### Aim of the exercise
Look through the listing below and write out exactly the lines from the line with "Kcopy e k.+1 S -> g" to the line with "case/and4P => _", both included, and no others.

### Input
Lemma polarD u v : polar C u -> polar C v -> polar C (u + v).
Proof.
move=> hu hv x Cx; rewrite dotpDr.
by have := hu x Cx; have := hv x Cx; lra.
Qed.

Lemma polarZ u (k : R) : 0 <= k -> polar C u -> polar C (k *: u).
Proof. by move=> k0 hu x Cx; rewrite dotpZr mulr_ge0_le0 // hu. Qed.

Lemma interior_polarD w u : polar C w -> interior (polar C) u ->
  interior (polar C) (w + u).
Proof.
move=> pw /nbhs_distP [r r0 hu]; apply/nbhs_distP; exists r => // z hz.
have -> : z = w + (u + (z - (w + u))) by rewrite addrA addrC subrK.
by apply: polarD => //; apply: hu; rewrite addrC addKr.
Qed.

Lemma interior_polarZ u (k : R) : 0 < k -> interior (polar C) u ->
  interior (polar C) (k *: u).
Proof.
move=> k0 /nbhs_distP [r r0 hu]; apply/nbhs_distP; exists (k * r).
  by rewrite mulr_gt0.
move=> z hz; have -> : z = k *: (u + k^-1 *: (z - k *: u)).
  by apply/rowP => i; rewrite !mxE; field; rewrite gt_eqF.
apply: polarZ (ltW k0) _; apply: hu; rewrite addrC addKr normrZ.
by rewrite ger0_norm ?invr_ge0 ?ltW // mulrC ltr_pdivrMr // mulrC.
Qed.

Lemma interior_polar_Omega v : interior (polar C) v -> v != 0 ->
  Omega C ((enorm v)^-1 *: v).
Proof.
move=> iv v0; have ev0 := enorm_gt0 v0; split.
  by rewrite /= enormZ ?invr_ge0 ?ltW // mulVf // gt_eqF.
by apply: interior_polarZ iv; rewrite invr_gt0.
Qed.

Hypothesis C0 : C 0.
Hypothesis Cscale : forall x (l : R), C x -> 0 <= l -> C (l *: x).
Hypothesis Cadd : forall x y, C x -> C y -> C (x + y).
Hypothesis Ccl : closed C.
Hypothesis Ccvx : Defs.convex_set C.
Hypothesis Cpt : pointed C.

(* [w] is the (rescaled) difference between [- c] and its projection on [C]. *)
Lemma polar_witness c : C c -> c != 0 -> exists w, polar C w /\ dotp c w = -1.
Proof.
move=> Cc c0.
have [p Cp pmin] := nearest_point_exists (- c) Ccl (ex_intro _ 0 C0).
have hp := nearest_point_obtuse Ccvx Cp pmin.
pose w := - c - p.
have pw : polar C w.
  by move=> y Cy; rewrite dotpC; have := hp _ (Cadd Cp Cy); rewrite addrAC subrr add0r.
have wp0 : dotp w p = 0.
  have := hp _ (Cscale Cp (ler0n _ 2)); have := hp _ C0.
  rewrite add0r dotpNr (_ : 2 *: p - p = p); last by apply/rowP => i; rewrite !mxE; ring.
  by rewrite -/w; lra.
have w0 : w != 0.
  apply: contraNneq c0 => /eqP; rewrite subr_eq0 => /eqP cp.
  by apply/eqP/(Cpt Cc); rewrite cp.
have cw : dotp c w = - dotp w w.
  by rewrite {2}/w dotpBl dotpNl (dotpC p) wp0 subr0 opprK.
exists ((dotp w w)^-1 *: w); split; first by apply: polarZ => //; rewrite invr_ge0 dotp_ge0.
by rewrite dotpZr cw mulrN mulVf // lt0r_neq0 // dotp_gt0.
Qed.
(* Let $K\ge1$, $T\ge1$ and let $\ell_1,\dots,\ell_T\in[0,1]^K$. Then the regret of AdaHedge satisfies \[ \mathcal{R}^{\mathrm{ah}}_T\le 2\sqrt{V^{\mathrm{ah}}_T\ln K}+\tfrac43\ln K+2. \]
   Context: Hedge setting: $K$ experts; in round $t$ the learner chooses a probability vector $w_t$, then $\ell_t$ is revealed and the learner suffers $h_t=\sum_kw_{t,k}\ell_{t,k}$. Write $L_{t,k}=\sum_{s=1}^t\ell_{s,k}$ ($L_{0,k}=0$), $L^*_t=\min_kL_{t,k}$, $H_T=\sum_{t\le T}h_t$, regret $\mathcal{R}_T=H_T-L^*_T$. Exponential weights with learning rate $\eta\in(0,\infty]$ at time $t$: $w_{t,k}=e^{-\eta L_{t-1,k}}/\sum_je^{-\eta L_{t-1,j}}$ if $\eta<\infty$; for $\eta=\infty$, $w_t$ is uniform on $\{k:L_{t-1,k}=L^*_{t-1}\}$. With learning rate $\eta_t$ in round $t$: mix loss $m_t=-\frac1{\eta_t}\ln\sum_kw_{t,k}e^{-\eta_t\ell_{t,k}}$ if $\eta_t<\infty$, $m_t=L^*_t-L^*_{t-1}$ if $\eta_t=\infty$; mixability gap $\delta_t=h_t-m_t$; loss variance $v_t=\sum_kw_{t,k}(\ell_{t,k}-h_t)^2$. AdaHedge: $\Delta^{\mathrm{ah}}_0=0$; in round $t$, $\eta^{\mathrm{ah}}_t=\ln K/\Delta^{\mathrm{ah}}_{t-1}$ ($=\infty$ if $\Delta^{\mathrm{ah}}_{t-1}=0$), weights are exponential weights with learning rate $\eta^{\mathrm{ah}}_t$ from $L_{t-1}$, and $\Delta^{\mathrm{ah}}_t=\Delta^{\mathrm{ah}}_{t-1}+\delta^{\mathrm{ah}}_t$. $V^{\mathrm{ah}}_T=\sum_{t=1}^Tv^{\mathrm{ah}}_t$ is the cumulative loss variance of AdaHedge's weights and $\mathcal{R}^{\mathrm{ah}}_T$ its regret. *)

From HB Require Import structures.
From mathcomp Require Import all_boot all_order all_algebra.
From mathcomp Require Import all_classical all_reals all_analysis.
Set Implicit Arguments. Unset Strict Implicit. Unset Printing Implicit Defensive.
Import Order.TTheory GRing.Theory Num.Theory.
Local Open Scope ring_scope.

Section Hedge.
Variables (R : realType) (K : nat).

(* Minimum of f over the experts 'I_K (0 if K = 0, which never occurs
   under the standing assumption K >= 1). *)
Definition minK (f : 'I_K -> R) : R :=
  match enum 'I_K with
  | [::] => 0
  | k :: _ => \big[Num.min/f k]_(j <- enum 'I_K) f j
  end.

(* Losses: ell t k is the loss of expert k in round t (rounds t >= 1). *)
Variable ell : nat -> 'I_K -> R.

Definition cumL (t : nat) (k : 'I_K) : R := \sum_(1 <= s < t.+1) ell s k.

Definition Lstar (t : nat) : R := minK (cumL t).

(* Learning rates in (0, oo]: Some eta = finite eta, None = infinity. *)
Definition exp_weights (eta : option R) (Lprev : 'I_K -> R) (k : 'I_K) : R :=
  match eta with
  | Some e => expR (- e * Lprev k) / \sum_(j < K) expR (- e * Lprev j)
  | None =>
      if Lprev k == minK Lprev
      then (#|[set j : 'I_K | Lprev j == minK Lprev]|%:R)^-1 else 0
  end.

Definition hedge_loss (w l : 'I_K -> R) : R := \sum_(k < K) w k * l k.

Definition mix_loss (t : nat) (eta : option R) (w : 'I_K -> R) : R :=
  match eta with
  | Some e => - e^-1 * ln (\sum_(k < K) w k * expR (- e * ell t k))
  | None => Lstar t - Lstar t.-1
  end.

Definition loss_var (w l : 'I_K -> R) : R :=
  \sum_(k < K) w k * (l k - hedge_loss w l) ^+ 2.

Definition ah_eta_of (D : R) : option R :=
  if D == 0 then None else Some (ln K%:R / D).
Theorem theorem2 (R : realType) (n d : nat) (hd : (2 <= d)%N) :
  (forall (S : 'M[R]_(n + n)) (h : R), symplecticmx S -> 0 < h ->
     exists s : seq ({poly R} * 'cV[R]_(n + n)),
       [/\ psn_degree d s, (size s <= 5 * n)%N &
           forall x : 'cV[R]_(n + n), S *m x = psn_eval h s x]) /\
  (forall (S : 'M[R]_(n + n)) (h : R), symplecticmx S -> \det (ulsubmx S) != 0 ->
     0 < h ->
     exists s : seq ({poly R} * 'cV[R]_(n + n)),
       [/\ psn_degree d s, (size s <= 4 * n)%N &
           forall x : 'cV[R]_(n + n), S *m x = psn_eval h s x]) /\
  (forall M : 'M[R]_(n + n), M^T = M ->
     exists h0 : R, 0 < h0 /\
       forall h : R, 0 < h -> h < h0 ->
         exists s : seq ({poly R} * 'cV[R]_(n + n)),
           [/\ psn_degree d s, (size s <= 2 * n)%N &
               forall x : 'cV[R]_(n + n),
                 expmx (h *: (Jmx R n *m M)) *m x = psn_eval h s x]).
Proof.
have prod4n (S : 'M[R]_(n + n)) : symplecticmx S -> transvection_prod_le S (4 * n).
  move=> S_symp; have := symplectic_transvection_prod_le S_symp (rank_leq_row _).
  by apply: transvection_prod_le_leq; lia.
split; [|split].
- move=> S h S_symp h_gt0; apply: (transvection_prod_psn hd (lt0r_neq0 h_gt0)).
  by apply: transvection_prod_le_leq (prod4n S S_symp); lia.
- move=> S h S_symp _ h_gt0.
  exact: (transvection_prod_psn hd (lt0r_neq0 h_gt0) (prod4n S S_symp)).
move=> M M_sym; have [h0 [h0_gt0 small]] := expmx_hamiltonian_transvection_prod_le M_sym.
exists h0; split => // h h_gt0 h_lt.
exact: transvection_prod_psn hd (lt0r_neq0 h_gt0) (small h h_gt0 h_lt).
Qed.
* * *
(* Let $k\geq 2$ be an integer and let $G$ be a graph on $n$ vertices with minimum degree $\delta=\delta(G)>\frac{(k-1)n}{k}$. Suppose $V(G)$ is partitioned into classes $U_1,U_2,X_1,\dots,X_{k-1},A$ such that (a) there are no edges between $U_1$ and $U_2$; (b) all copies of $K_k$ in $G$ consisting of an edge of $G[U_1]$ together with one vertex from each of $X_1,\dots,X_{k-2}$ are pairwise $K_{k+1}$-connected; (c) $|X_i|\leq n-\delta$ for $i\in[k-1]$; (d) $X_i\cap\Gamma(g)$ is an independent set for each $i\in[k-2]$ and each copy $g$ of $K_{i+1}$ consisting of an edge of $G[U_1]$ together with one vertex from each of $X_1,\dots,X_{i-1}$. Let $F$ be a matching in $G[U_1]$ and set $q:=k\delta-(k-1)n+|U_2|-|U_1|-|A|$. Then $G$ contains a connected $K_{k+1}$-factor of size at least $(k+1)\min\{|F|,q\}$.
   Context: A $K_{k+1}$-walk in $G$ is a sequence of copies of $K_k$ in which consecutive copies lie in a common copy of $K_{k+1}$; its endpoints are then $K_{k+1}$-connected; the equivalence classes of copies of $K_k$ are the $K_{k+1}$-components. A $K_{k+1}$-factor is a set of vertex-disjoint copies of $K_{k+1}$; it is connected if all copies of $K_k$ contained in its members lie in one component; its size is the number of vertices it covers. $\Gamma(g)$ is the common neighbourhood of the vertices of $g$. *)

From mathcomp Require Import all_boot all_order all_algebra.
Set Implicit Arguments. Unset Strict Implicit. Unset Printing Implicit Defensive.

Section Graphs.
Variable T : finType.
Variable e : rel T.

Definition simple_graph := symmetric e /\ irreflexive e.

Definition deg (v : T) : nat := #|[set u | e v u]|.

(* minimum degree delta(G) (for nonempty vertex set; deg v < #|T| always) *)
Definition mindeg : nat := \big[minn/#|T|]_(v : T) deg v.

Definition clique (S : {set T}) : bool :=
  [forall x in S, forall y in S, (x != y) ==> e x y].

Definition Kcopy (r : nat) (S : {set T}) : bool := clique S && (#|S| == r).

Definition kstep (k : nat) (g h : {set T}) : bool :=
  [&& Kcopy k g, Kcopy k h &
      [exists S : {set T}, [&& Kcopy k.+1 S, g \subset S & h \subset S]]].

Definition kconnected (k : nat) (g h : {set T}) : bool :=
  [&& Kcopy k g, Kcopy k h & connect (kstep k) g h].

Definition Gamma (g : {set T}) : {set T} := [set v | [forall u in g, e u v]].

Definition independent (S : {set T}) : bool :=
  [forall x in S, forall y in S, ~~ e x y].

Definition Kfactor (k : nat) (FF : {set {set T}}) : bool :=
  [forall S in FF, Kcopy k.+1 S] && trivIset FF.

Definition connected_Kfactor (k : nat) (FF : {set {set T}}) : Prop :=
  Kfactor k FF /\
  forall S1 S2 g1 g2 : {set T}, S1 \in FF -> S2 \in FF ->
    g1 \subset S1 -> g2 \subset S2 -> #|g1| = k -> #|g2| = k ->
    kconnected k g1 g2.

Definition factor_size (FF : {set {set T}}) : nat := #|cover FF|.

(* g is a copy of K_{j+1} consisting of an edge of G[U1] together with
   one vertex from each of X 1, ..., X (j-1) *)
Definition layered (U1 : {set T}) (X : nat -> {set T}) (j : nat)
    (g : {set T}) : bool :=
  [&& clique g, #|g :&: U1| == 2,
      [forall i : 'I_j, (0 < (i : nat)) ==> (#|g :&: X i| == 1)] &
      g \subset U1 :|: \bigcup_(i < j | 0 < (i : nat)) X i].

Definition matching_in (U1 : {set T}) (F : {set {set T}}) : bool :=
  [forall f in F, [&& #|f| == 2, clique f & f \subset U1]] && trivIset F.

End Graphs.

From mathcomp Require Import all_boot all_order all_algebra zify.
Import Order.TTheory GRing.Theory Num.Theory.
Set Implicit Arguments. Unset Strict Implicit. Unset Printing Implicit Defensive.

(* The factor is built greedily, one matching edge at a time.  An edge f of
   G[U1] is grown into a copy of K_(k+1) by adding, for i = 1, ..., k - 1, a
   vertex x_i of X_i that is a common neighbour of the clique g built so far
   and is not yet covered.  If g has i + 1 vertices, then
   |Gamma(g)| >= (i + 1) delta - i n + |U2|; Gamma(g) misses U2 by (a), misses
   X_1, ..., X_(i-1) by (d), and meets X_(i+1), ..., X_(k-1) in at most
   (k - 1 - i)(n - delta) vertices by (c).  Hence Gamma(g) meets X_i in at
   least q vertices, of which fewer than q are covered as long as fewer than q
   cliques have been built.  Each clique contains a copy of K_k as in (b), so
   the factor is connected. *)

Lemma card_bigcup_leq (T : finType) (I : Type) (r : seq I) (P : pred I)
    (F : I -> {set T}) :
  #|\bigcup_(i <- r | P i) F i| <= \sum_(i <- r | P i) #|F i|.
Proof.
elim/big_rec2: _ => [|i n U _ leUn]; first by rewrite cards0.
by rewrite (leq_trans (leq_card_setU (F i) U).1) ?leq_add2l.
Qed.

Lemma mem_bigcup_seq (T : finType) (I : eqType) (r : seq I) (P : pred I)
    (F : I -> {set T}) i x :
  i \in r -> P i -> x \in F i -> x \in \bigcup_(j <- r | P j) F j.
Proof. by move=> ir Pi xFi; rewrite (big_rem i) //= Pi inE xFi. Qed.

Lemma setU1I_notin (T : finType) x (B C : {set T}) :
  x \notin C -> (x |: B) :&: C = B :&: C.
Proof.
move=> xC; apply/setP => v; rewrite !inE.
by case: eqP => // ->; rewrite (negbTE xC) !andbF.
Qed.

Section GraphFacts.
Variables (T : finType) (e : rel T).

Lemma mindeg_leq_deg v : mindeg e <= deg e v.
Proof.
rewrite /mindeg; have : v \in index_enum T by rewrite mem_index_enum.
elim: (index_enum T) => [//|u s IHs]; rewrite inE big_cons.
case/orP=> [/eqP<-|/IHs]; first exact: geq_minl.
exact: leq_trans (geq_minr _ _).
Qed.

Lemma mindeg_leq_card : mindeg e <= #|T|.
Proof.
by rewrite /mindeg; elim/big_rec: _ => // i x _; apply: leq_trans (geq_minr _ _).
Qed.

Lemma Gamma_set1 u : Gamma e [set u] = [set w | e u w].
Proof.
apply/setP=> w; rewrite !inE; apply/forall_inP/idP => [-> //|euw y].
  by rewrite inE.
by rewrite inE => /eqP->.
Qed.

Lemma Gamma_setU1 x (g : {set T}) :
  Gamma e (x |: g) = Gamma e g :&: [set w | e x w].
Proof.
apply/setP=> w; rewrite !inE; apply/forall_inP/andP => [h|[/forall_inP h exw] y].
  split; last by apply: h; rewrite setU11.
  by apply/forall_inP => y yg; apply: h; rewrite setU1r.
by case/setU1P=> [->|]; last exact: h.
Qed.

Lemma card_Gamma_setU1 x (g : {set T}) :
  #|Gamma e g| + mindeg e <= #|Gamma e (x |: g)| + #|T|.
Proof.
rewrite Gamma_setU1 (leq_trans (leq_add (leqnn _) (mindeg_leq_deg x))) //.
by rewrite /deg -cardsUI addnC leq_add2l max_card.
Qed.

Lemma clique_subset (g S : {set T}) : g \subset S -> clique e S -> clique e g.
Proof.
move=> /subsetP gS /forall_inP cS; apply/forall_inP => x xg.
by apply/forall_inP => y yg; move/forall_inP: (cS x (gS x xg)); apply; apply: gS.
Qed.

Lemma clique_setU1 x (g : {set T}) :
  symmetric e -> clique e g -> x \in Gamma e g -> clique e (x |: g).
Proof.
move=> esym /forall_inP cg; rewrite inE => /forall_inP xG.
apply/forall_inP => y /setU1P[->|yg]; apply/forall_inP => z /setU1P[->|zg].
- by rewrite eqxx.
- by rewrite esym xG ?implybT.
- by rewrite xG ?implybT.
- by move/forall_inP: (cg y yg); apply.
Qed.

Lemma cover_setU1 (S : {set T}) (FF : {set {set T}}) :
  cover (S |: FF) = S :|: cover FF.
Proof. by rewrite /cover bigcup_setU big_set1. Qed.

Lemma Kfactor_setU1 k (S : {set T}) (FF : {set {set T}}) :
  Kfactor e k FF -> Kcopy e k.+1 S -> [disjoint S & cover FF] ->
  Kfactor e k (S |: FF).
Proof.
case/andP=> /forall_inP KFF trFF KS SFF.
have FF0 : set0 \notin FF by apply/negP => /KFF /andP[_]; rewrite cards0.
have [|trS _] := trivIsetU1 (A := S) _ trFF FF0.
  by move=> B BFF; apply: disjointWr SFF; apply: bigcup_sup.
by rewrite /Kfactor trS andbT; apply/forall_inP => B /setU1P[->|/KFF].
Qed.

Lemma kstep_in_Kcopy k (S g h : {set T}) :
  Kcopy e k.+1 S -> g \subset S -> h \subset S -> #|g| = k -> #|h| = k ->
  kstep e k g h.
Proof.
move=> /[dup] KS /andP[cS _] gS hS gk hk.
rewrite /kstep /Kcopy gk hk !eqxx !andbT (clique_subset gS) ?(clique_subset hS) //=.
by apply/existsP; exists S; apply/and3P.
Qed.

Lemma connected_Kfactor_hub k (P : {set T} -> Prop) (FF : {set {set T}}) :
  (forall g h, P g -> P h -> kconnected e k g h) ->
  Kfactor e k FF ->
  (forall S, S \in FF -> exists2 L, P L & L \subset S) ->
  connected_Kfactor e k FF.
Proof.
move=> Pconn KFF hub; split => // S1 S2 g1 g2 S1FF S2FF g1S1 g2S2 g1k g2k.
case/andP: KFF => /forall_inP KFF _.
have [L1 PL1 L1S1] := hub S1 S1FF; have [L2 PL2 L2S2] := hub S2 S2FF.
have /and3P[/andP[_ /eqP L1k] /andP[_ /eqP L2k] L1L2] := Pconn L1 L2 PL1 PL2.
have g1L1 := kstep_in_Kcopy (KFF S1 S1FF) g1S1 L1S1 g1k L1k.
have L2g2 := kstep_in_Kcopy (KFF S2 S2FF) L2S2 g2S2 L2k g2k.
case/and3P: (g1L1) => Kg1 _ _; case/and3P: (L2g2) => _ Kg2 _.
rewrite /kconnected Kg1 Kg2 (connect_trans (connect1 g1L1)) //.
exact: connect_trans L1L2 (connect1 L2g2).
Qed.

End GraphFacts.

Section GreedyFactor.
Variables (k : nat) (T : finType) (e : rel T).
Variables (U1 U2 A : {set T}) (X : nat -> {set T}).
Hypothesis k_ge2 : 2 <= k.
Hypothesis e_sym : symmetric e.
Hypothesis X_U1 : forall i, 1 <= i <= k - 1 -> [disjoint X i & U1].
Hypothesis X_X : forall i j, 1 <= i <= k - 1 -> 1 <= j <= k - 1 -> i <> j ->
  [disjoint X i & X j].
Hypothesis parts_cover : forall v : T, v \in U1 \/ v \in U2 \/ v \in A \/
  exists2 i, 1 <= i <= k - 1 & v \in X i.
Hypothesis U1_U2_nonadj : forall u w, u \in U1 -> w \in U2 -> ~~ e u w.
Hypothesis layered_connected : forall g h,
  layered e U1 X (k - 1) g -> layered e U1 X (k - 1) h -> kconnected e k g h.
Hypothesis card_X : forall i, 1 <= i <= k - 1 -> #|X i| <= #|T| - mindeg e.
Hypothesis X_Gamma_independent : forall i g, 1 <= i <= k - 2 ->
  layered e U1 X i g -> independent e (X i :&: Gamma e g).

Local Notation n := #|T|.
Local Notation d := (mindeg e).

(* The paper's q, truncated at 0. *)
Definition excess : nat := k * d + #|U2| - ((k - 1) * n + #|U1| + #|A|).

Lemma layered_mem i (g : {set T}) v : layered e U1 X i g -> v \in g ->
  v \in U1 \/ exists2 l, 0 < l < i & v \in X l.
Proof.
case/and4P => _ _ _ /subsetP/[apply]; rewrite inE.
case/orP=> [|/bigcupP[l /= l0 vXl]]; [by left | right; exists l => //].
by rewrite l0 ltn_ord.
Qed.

### Solution
  Kcopy e k.+1 S -> g \subset S -> h \subset S -> #|g| = k -> #|h| = k ->
  kstep e k g h.
Proof.
move=> /[dup] KS /andP[cS _] gS hS gk hk.
rewrite /kstep /Kcopy gk hk !eqxx !andbT (clique_subset gS) ?(clique_subset hS) //=.
by apply/existsP; exists S; apply/and3P.
Qed.

Lemma connected_Kfactor_hub k (P : {set T} -> Prop) (FF : {set {set T}}) :
  (forall g h, P g -> P h -> kconnected e k g h) ->
  Kfactor e k FF ->
  (forall S, S \in FF -> exists2 L, P L & L \subset S) ->
  connected_Kfactor e k FF.
Proof.
move=> Pconn KFF hub; split => // S1 S2 g1 g2 S1FF S2FF g1S1 g2S2 g1k g2k.
case/andP: KFF => /forall_inP KFF _.
have [L1 PL1 L1S1] := hub S1 S1FF; have [L2 PL2 L2S2] := hub S2 S2FF.
have /and3P[/andP[_ /eqP L1k] /andP[_ /eqP L2k] L1L2] := Pconn L1 L2 PL1 PL2.
have g1L1 := kstep_in_Kcopy (KFF S1 S1FF) g1S1 L1S1 g1k L1k.
have L2g2 := kstep_in_Kcopy (KFF S2 S2FF) L2S2 g2S2 L2k g2k.
case/and3P: (g1L1) => Kg1 _ _; case/and3P: (L2g2) => _ Kg2 _.
rewrite /kconnected Kg1 Kg2 (connect_trans (connect1 g1L1)) //.
exact: connect_trans L1L2 (connect1 L2g2).
Qed.

End GraphFacts.

Section GreedyFactor.
Variables (k : nat) (T : finType) (e : rel T).
Variables (U1 U2 A : {set T}) (X : nat -> {set T}).
Hypothesis k_ge2 : 2 <= k.
Hypothesis e_sym : symmetric e.
Hypothesis X_U1 : forall i, 1 <= i <= k - 1 -> [disjoint X i & U1].
Hypothesis X_X : forall i j, 1 <= i <= k - 1 -> 1 <= j <= k - 1 -> i <> j ->
  [disjoint X i & X j].
Hypothesis parts_cover : forall v : T, v \in U1 \/ v \in U2 \/ v \in A \/
  exists2 i, 1 <= i <= k - 1 & v \in X i.
Hypothesis U1_U2_nonadj : forall u w, u \in U1 -> w \in U2 -> ~~ e u w.
Hypothesis layered_connected : forall g h,
  layered e U1 X (k - 1) g -> layered e U1 X (k - 1) h -> kconnected e k g h.
Hypothesis card_X : forall i, 1 <= i <= k - 1 -> #|X i| <= #|T| - mindeg e.
Hypothesis X_Gamma_independent : forall i g, 1 <= i <= k - 2 ->
  layered e U1 X i g -> independent e (X i :&: Gamma e g).

Local Notation n := #|T|.
Local Notation d := (mindeg e).

(* The paper's q, truncated at 0. *)
Definition excess : nat := k * d + #|U2| - ((k - 1) * n + #|U1| + #|A|).

Lemma layered_mem i (g : {set T}) v : layered e U1 X i g -> v \in g ->
  v \in U1 \/ exists2 l, 0 < l < i & v \in X l.
Proof.
case/and4P => _ _ _ /subsetP/[apply]; rewrite inE.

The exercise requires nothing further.